▶ _Information shown_:
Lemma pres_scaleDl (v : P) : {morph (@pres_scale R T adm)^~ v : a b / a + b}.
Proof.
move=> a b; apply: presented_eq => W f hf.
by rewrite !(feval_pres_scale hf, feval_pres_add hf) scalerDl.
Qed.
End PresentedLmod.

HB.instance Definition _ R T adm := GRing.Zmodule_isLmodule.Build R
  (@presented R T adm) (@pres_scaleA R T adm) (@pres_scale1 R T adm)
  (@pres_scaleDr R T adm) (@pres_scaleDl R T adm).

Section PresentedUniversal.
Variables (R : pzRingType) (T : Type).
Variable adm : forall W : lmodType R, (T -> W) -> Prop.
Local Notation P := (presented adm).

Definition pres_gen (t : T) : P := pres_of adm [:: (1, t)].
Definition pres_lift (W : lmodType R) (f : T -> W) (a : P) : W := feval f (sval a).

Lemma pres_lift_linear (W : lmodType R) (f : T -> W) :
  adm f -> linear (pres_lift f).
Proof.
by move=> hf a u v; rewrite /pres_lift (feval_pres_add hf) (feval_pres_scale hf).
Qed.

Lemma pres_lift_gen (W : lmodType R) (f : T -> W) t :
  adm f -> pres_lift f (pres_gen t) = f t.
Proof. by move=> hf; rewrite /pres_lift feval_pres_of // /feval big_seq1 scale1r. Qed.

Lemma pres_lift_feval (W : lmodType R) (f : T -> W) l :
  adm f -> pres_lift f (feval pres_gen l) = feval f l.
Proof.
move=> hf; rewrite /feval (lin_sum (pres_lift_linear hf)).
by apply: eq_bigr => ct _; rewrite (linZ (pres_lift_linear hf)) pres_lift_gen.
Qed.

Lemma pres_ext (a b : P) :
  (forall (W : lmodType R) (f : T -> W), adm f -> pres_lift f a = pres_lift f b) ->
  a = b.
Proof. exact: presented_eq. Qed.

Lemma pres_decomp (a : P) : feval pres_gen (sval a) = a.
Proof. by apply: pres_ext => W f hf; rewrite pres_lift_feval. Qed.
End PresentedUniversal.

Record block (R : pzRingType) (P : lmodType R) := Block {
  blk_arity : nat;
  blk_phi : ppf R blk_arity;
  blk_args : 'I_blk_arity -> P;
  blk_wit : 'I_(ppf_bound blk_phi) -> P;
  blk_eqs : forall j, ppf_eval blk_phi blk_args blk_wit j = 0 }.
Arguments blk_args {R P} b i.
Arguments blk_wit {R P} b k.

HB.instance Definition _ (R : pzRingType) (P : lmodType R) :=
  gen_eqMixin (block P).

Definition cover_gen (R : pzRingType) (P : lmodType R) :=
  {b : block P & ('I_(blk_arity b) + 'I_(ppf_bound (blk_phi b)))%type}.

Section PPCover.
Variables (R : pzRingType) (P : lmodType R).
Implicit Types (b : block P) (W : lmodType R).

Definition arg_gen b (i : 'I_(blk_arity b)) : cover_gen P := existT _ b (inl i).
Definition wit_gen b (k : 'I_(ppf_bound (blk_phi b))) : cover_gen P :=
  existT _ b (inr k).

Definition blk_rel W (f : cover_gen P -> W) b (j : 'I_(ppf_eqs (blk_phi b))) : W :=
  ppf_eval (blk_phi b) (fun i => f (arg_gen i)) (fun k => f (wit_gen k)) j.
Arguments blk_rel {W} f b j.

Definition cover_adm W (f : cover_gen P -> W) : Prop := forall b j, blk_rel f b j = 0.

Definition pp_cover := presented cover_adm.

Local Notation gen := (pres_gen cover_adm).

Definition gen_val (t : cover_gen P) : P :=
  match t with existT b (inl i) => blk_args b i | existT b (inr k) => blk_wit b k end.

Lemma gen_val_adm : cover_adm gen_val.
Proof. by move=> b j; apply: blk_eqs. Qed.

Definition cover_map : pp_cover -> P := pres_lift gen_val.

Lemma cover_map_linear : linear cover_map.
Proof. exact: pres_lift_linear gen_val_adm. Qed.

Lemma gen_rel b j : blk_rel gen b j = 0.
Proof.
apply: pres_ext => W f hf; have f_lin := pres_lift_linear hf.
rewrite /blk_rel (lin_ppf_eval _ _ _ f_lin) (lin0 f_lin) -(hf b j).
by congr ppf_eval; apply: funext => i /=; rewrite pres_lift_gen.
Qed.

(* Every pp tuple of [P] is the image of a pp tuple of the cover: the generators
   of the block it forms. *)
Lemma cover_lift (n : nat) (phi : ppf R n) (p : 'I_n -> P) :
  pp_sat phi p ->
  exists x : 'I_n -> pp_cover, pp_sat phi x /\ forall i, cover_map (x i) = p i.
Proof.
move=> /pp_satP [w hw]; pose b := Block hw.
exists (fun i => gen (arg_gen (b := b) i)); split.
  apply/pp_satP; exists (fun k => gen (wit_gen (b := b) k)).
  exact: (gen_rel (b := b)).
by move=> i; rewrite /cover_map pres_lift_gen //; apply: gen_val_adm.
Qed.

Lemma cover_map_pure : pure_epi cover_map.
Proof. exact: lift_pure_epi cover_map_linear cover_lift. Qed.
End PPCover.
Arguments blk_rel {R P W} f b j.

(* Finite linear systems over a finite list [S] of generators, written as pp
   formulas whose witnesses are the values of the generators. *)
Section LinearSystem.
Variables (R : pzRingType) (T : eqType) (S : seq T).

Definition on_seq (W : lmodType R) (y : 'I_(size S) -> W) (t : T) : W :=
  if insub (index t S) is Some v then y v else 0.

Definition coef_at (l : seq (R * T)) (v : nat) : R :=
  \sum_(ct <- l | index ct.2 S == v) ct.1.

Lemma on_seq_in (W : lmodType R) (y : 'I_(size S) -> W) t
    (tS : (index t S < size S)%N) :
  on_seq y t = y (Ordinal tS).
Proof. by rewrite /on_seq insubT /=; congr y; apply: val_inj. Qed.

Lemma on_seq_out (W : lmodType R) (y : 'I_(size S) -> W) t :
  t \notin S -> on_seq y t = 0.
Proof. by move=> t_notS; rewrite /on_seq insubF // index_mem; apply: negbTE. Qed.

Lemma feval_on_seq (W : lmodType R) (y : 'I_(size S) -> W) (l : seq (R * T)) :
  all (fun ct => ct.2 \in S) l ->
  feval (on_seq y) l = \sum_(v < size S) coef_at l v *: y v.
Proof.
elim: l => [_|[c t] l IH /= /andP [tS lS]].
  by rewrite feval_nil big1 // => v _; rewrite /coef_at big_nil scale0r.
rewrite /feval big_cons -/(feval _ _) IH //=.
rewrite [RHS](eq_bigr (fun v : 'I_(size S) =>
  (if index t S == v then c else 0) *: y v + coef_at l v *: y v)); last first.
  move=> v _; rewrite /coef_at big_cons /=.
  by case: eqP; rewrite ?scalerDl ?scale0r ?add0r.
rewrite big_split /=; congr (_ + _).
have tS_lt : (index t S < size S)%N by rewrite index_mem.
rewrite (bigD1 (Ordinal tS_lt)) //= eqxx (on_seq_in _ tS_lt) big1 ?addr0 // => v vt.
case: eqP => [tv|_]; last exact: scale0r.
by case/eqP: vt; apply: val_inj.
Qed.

▶ _Task objective_: The expected answer is an exact copy of the lines above, beginning at the line with "End PresentedLmod." and ending at the line with "adm f -> linear (pres_lift f).", with both ends in.

▶ _Response to this task_:
End PresentedLmod.

HB.instance Definition _ R T adm := GRing.Zmodule_isLmodule.Build R
  (@presented R T adm) (@pres_scaleA R T adm) (@pres_scale1 R T adm)
  (@pres_scaleDr R T adm) (@pres_scaleDl R T adm).

Section PresentedUniversal.
Variables (R : pzRingType) (T : Type).
Variable adm : forall W : lmodType R, (T -> W) -> Prop.
Local Notation P := (presented adm).

Definition pres_gen (t : T) : P := pres_of adm [:: (1, t)].
Definition pres_lift (W : lmodType R) (f : T -> W) (a : P) : W := feval f (sval a).

Lemma pres_lift_linear (W : lmodType R) (f : T -> W) :
  adm f -> linear (pres_lift f).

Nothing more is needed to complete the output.